[Assigned task]
Collect every line of the records below that contains the word "hpos".

Stored data entries:
(* Let $t_0>0$, $q>0$, let $\lambda:[t_0,+\infty[\to\,]0,+\infty[$ be continuous and let $\tau(t)=\frac{1}{q^q}\big(t_0+\int_{t_0}^t[\lambda(r)]^{1/q}dr\big)^q$ for $t\ge t_0$. Suppose there exist $C_0>0$ and real numbers $b>a\ge 0$ such that $$\int_{t_0}^t[\tau(r)]^a[\lambda(r)]^{-b}\,dr\le C_0\qquad\forall t\ge t_0 .$$ Then there exists $C_1>0$ such that $\tau(t)\ge C_1(t-t_0)^{\frac{qb+1}{b-a}}$ for all $t\ge t_0$. *)

From Stdlib Require Import Reals.
From Coquelicot Require Import Coquelicot.
Open Scope R_scope.

(* Real power x^y for x >= 0, y > 0, with the convention 0^y = 0.
   (Stdlib's Rpower 0 y = exp (y * ln 0) = 1, which is not the intended value.) *)
Definition rpow0 (x y : R) : R :=
  if Rlt_dec 0 x then Rpower x y else 0.

Definition continuous_on_halfline (t0 : R) (f : R -> R) : Prop :=
  forall t, t0 <= t ->
    filterlim f (within (fun r => t0 <= r) (locally t)) (locally (f t)).

Definition tau (t0 q : R) (lam : R -> R) (t : R) : R :=
  / Rpower q q * Rpower (t0 + RInt (fun r => Rpower (lam r) (/ q)) t0 t) q.

From Stdlib Require Import Reals Lra.
From Coquelicot Require Import Coquelicot.
Open Scope R_scope.

(* Put T := t0 + \int_{t0}^t lambda^(1/q), so that tau = (T/q)^q and T' = lambda^(1/q).
   The weight h := T' T^(-a/b) has primitive (b/(b-a)) T^((b-a)/b), while with s := q b
   the power h^(-s) is q^(q a) tau^a lambda^(-b), whose integral is at most q^(q a) C0.
   The reverse Hoelder inequality (t - t0)^(1+s) <= (\int h)^s \int h^(-s), a consequence
   of the pointwise Young bound (1+s) c <= s y + c^(1+s) y^(-s), therefore bounds
   T(t)^(q (b-a)) below by a multiple of (t - t0)^(1 + q b). *)

Lemma Rpower_gt_0 (x y : R) : 0 < Rpower x y.
Proof. apply exp_pos. Qed.

Lemma ln_le_sub_1 (x : R) : 0 < x -> ln x <= x - 1.
Proof.
  intros Hx. rewrite <- (ln_exp (x - 1)). apply ln_le; [exact Hx|].
  pose proof (exp_ineq1_le (x - 1)). lra.
Qed.

Lemma young_Rpower (s c y : R) : 0 < s -> 0 < c -> 0 < y ->
  (1 + s) * c <= s * y + Rpower c (1 + s) * Rpower y (- s).
Proof.
  intros Hs Hc Hy.
  assert (Hpow : Rpower c (1 + s) * Rpower y (- s) = c * exp (s * (ln c - ln y))).
  { transitivity (exp (ln c + s * (ln c - ln y))).
    - unfold Rpower. rewrite <- exp_plus. f_equal. ring.
    - rewrite exp_plus, exp_ln by exact Hc. reflexivity. }
  assert (Hln : ln y - ln c <= y / c - 1).
  { rewrite <- ln_div by assumption. apply ln_le_sub_1, Rdiv_lt_0_compat; assumption. }
  assert (Hcy : c * (y / c) = y) by (field; lra).
  pose proof (exp_ineq1_le (s * (ln c - ln y))).
  assert (s * c * (ln y - ln c) <= s * c * (y / c - 1))
    by (apply Rmult_le_compat_l; [nra | exact Hln]).
  rewrite Hpow. nra.
Qed.

Lemma RInt_young (h : R -> R) (u v s c : R) :
  u <= v -> 0 < s -> 0 < c -> (forall x, u <= x <= v -> 0 < h x) ->
  ex_RInt h u v -> ex_RInt (fun x => Rpower (h x) (- s)) u v ->
  (1 + s) * c * (v - u) <=
    s * RInt h u v + Rpower c (1 + s) * RInt (fun x => Rpower (h x) (- s)) u v.
Proof.
  intros Huv Hs Hc Hh Ih Ihs.
  assert (Hsum := is_RInt_plus _ _ u v _ _
    (is_RInt_scal _ u v s _ (RInt_correct _ _ _ Ih))
    (is_RInt_scal _ u v (Rpower c (1 + s)) _ (RInt_correct _ _ _ Ihs))).
  assert (Hle := is_RInt_le _ _ u v _ _ Huv (is_RInt_const u v ((1 + s) * c)) Hsum).
  change (scal (v - u) ((1 + s) * c)) with ((v - u) * ((1 + s) * c)) in Hle.
  rewrite Rmult_comm. apply Hle.
  intros x Hx. apply young_Rpower; [exact Hs | exact Hc | apply Hh; lra].
Qed.

Lemma RInt_reverse_holder (h : R -> R) (u v s A B : R) :
  u < v -> 0 < s -> (forall x, u <= x <= v -> 0 < h x) ->
  ex_RInt h u v -> ex_RInt (fun x => Rpower (h x) (- s)) u v ->
  0 < A -> RInt h u v <= A ->
  0 < B -> RInt (fun x => Rpower (h x) (- s)) u v <= B ->
  Rpower (v - u) (1 + s) <= Rpower A s * B.
Proof.
  intros Huv Hs Hh Ih Ihs HA HhA HB HhB.
  (* the choice of [c] with [c^(1+s) = A/B] optimizes [RInt_young] *)
  set (c := Rpower (A / B) (/ (1 + s))).
  assert (Hc : 0 < c) by apply Rpower_gt_0.
  assert (Hc1s : Rpower c (1 + s) = A / B).
  { unfold c. rewrite Rpower_mult, Rinv_l, Rpower_1 by (try apply Rdiv_lt_0_compat; lra).
    reflexivity. }
  assert (HcD : c * (v - u) <= A).
  { pose proof (RInt_young h u v s c (Rlt_le _ _ Huv) Hs Hc Hh Ih Ihs) as Hy.
    rewrite Hc1s in Hy.
    assert (A / B * RInt (fun x => Rpower (h x) (- s)) u v <= A / B * B)
      by (apply Rmult_le_compat_l; [left; apply Rdiv_lt_0_compat |]; assumption).
    replace (A / B * B) with A in * by (field; lra).
    nra. }
  assert (Hpow : Rpower (c * (v - u)) (1 + s) <= Rpower A (1 + s)).
  { apply Rle_Rpower_l; [lra | split; [nra | exact HcD]]. }
  rewrite <- Rpower_mult_distr, Hc1s in Hpow by lra.
  rewrite (Rpower_plus 1 s A), Rpower_1 in Hpow by exact HA.
  apply (Rmult_le_reg_l (A / B)); [apply Rdiv_lt_0_compat; assumption |].
  replace (A / B * (Rpower A s * B)) with (Rpower A s * A) by (field; lra).
  lra.
Qed.

Lemma continuous_Rpower_l (e x : R) : 0 < x -> continuous (fun y => Rpower y e) x.
Proof.
  intros Hx. apply (ex_derive_continuous (K := R_AbsRing) (V := R_NormedModule)).
  exists (e * Rpower x (e - 1)).
  apply is_derive_Reals, derivable_pt_lim_power, Hx.
Qed.

Lemma continuous_on_halfline_Rmax (t0 : R) (f : R -> R) :
  continuous_on_halfline t0 f -> forall x, continuous (fun r => f (Rmax t0 r)) x.
Proof.
  intros Hf x. eapply filterlim_comp; [| apply (Hf (Rmax t0 x) (Rmax_l _ _))].
  intros P [eps HP]. exists eps. intros y Hy. apply HP; [|apply Rmax_l].
  change (Rabs (Rmax t0 y - Rmax t0 x) < eps).
  change (Rabs (y - x) < eps) in Hy.
  apply Rabs_def2 in Hy. apply Rabs_def1;
  unfold Rmax; destruct (Rle_dec t0 y), (Rle_dec t0 x); lra.
Qed.

Lemma Rpower_le_root (x y k K m : R) : 0 < x -> 0 < k -> 0 < K ->
  Rpower y m <= Rpower x k * K -> Rpower K (- / k) * Rpower y (m / k) <= x.
Proof.
  intros Hx Hk HK H.
  assert (Hdiv : 0 < Rpower y m / K <= Rpower x k).
  { split; [apply Rdiv_lt_0_compat; [apply Rpower_gt_0 | exact HK] |].
    unfold Rdiv. apply (Rmult_le_reg_r K); [exact HK |].
    rewrite Rmult_assoc, Rinv_l, Rmult_1_r by lra. exact H. }
  apply (Rle_Rpower_l _ _ (/ k)) in Hdiv; [| left; apply Rinv_0_lt_compat, Hk].
  rewrite Rpower_mult, Rinv_r, Rpower_1 in Hdiv by lra.
  replace (Rpower K (- / k) * Rpower y (m / k)) with (Rpower (Rpower y m / K) (/ k));
    [exact Hdiv |].
  unfold Rpower. rewrite ln_div, ln_exp by (apply exp_pos || exact HK).
  rewrite <- exp_plus. f_equal. field. lra.
Qed.

Section TauRoot.

Variables (t0 q : R) (lam : R -> R).
Hypotheses (ht0 : 0 < t0) (hq : 0 < q) (hcont : continuous_on_halfline t0 lam)
  (hpos : forall t, t0 <= t -> 0 < lam t).

(* Extending [lam] by the constant [lam t0] to the left of [t0] makes [tau_root]
   differentiable at [t0] as well. *)
Definition lam_ext (x : R) : R := lam (Rmax t0 x).

Definition tau_root (x : R) : R := t0 + RInt (fun r => Rpower (lam_ext r) (/ q)) t0 x.

Lemma lam_ext_gt_0 (x : R) : 0 < lam_ext x.
Proof. apply hpos, Rmax_l. Qed.

Lemma lam_ext_eq (x : R) : t0 <= x -> lam_ext x = lam x.
Proof. intros Hx. unfold lam_ext. rewrite Rmax_right by exact Hx. reflexivity. Qed.

Lemma continuous_Rpower_lam_ext (e x : R) : continuous (fun r => Rpower (lam_ext r) e) x.
Proof.
  apply (continuous_comp lam_ext (fun y => Rpower y e));
    [apply continuous_on_halfline_Rmax, hcont |].
  apply continuous_Rpower_l, lam_ext_gt_0.
Qed.

Lemma is_derive_tau_root (x : R) : is_derive tau_root x (Rpower (lam_ext x) (/ q)).
Proof.
  assert (Hint : is_derive (fun y => RInt (fun r => Rpower (lam_ext r) (/ q)) t0 y) x
                  (Rpower (lam_ext x) (/ q))).
  { apply (is_derive_RInt (V := R_NormedModule) (fun r => Rpower (lam_ext r) (/ q)) _ t0 x);
      [| apply continuous_Rpower_lam_ext].
    apply filter_forall. intros y. apply (RInt_correct (V := R_CompleteNormedModule)).
    apply (ex_RInt_continuous (V := R_CompleteNormedModule)). intros z _.
    apply continuous_Rpower_lam_ext. }
  pose proof (is_derive_plus _ _ x _ _ (is_derive_const t0 x) Hint) as H.
  rewrite plus_zero_l in H. exact H.
Qed.

Lemma continuous_tau_root (x : R) : continuous tau_root x.
Proof.
  apply (ex_derive_continuous (K := R_AbsRing) (V := R_NormedModule)).
  eexists. apply is_derive_tau_root.
Qed.

Lemma tau_root_t0 : tau_root t0 = t0.
Proof. unfold tau_root. rewrite RInt_point. change (t0 + 0 = t0). ring. Qed.

Lemma tau_root_ge (x : R) : t0 <= x -> t0 <= tau_root x.
Proof.
  intros Hx. unfold tau_root.
  enough (0 <= RInt (fun r => Rpower (lam_ext r) (/ q)) t0 x) by lra.
  apply RInt_ge_0; [exact Hx | | intros; left; apply Rpower_gt_0].
  apply (ex_RInt_continuous (V := R_CompleteNormedModule)). intros z _.
  apply continuous_Rpower_lam_ext.
Qed.

Lemma tau_eq (x : R) : t0 <= x -> tau t0 q lam x = / Rpower q q * Rpower (tau_root x) q.
Proof.
  intros Hx. unfold tau, tau_root. do 3 f_equal.
  apply RInt_ext. intros y Hy. rewrite Rmin_left, Rmax_right in Hy by exact Hx.
  rewrite lam_ext_eq; [reflexivity | lra].
Qed.

Lemma tau_root_gt_0 (x : R) : t0 <= x -> 0 < tau_root x.
Proof. intros Hx. pose proof (tau_root_ge x Hx). lra. Qed.

Definition tau_weight (p x : R) : R := Rpower (lam_ext x) (/ q) * Rpower (tau_root x) (- p).

Lemma tau_weight_gt_0 (p x : R) : 0 < tau_weight p x.
Proof. apply Rmult_lt_0_compat; apply Rpower_gt_0. Qed.

Lemma continuous_tau_weight (p x : R) : t0 <= x -> continuous (tau_weight p) x.
Proof.
  intros Hx.
  apply (continuous_mult (U := R_UniformSpace) (K := R_AbsRing));
    [apply continuous_Rpower_lam_ext |].
  apply (continuous_comp tau_root (fun y => Rpower y (- p)));
    [apply continuous_tau_root | apply continuous_Rpower_l, tau_root_gt_0, Hx].
Qed.

Lemma is_RInt_tau_weight (p t : R) : p <> 1 -> t0 <= t ->
  is_RInt (tau_weight p) t0 t ((Rpower (tau_root t) (1 - p) - Rpower t0 (1 - p)) / (1 - p)).
Proof.
  intros Hp Ht.
  set (G := fun x => / (1 - p) * Rpower (tau_root x) (1 - p)).
  replace ((Rpower (tau_root t) (1 - p) - Rpower t0 (1 - p)) / (1 - p))
    with (minus (G t) (G t0))
    by (unfold G, minus, plus, opp; simpl; rewrite tau_root_t0; field; lra).
  apply (is_RInt_derive (V := R_CompleteNormedModule));
    intros x Hx; rewrite Rmin_left, Rmax_right in Hx by exact Ht.
  - assert (Hpow : is_derive (fun y => Rpower y (1 - p)) (tau_root x)
                     ((1 - p) * Rpower (tau_root x) (- p))).
    { apply is_derive_Reals. replace (- p) with (1 - p - 1) by ring.
      apply derivable_pt_lim_power, tau_root_gt_0. lra. }
    pose proof (is_derive_scal _ x (/ (1 - p)) _
      (is_derive_comp _ _ x _ _ Hpow (is_derive_tau_root x))) as H.
    replace (tau_weight p x)
      with (/ (1 - p) * scal (Rpower (lam_ext x) (/ q)) ((1 - p) * Rpower (tau_root x) (- p)))
      by (unfold tau_weight, scal; simpl; unfold mult; simpl; field; lra).
    exact H.
  - apply continuous_tau_weight. lra.
Qed.

Lemma ex_RInt_Rpower_tau_weight (p e t : R) : t0 <= t ->
  ex_RInt (fun x => Rpower (tau_weight p x) e) t0 t.
Proof.
  intros Ht. apply (ex_RInt_continuous (V := R_CompleteNormedModule)).
  intros x Hx. rewrite Rmin_left, Rmax_right in Hx by exact Ht.
  apply (continuous_comp (tau_weight p) (fun y => Rpower y e));
    [apply continuous_tau_weight; lra | apply continuous_Rpower_l, tau_weight_gt_0].
Qed.

Variables (C0 a b : R).
Hypotheses (ha : 0 <= a) (hab : a < b)
  (hint : forall t, t0 <= t ->
     RInt (fun r => Rpower (tau t0 q lam r) a * Rpower (lam r) (- b)) t0 t <= C0).

Lemma Rpower_tau_weight (x : R) : t0 <= x ->
  Rpower (tau_weight (a / b) x) (- (q * b)) =
  Rpower q (q * a) * (Rpower (tau t0 q lam x) a * Rpower (lam x) (- b)).
Proof.
  intros Hx. unfold tau_weight. rewrite tau_eq, <- lam_ext_eq by exact Hx.
  pose proof (lam_ext_gt_0 x). pose proof (tau_root_gt_0 x Hx).
  unfold Rpower.
  rewrite !ln_mult, ln_Rinv, !ln_exp by (try apply Rinv_0_lt_compat; apply exp_pos || lra).
  rewrite <- !exp_plus. f_equal. field. lra.
Qed.

Lemma RInt_Rpower_tau_weight_le (t : R) : t0 <= t ->
  RInt (fun x => Rpower (tau_weight (a / b) x) (- (q * b))) t0 t <= Rpower q (q * a) * C0.
Proof.
  intros Ht.
  pose proof (Rpower_gt_0 q (q * a)) as Hqa.
  replace (RInt (fun x => Rpower (tau_weight (a / b) x) (- (q * b))) t0 t)
    with (Rpower q (q * a) *
          RInt (fun r => Rpower (tau t0 q lam r) a * Rpower (lam r) (- b)) t0 t).
  - apply Rmult_le_compat_l; [lra | exact (hint t Ht)].
  - apply (Rmult_eq_reg_l (/ Rpower q (q * a))); [| apply Rinv_neq_0_compat; lra].
    rewrite <- Rmult_assoc, Rinv_l, Rmult_1_l by lra.
    rewrite <- (RInt_scal (V := R_CompleteNormedModule))
      by apply ex_RInt_Rpower_tau_weight, Ht.
    apply RInt_ext. intros x Hx. rewrite Rmin_left, Rmax_right in Hx by exact Ht.
    rewrite Rpower_tau_weight by lra.
    unfold scal; simpl; unfold mult; simpl. field. lra.
Qed.

Lemma tau_root_holder (t : R) : t0 < t -> 0 < C0 ->
  Rpower (t - t0) (1 + q * b) <=
  Rpower (Rpower (tau_root t) q) (b - a) *
    (Rpower (1 - a / b) (- (q * b)) * (Rpower q (q * a) * C0)).
Proof.
  intros Ht HC0.
  assert (Hp : 0 < 1 - a / b).
  { replace (1 - a / b) with ((b - a) / b) by (field; lra). apply Rdiv_lt_0_compat; lra. }
  pose proof (is_RInt_tau_weight (a / b) t ltac:(lra) ltac:(lra)) as Hh.
  set (A := Rpower (tau_root t) (1 - a / b) / (1 - a / b)).
  assert (HA : Rpower A (q * b) =
               Rpower (Rpower (tau_root t) q) (b - a) * Rpower (1 - a / b) (- (q * b))).
  { unfold A, Rpower. rewrite ln_div, !ln_exp by (apply exp_pos || exact Hp).
    rewrite <- exp_plus. f_equal. field. lra. }
  rewrite <- Rmult_assoc, <- HA.
  apply (RInt_reverse_holder (tau_weight (a / b))).
  - exact Ht.
  - nra.
  - intros. apply tau_weight_gt_0.
  - eexists. exact Hh.
  - apply ex_RInt_Rpower_tau_weight. lra.
  - apply Rdiv_lt_0_compat; [apply Rpower_gt_0 | exact Hp].
  - rewrite (is_RInt_unique _ _ _ _ Hh). unfold A.
    pose proof (Rpower_gt_0 t0 (1 - a / b)).
    apply Rmult_le_compat_r; [left; apply Rinv_0_lt_compat, Hp | lra].
  - apply Rmult_lt_0_compat; [apply Rpower_gt_0 | exact HC0].
  - apply RInt_Rpower_tau_weight_le. lra.
Qed.

End TauRoot.

Theorem mainTheorem2 (t0 q : R) (lam : R -> R) (C0 a b : R)
  (ht0 : 0 < t0) (hq : 0 < q)
  (hcont : continuous_on_halfline t0 lam)
  (hpos : forall t, t0 <= t -> 0 < lam t)
  (hC0 : 0 < C0) (ha : 0 <= a) (hab : a < b)
  (hint : forall t, t0 <= t ->
     RInt (fun r => Rpower (tau t0 q lam r) a * Rpower (lam r) (- b)) t0 t <= C0) :
  exists C1 : R, 0 < C1 /\
    forall t, t0 <= t ->
      tau t0 q lam t >= C1 * rpow0 (t - t0) ((q * b + 1) / (b - a)).
Proof.
  set (K := Rpower (1 - a / b) (- (q * b)) * (Rpower q (q * a) * C0)).
  assert (HK : 0 < K)
    by (apply Rmult_lt_0_compat; [| apply Rmult_lt_0_compat]; try apply Rpower_gt_0; exact hC0).
  exists (/ Rpower q q * Rpower K (- / (b - a))).
  split; [apply Rmult_lt_0_compat; [apply Rinv_0_lt_compat |]; apply Rpower_gt_0 |].
  intros t Ht. apply Rle_ge.
  rewrite (tau_eq t0 q lam t Ht), Rmult_assoc.
  apply Rmult_le_compat_l; [left; apply Rinv_0_lt_compat, Rpower_gt_0 |].
  unfold rpow0. destruct (Rlt_dec 0 (t - t0)) as [Hlt | Hle].
  - rewrite Rplus_comm.
    apply Rpower_le_root; [apply Rpower_gt_0 | lra | exact HK |].
    apply (tau_root_holder t0 q lam ht0 hq hcont hpos C0 a b ha hab hint); lra.
  - rewrite Rmult_0_r. left. apply Rpower_gt_0.
Qed.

[Response to the exercise]
  (hpos : forall t, t0 <= t -> 0 < lam t).
Proof. apply hpos, Rmax_l. Qed.
  (hpos : forall t, t0 <= t -> 0 < lam t)
    apply (tau_root_holder t0 q lam ht0 hq hcont hpos C0 a b ha hab hint); lra.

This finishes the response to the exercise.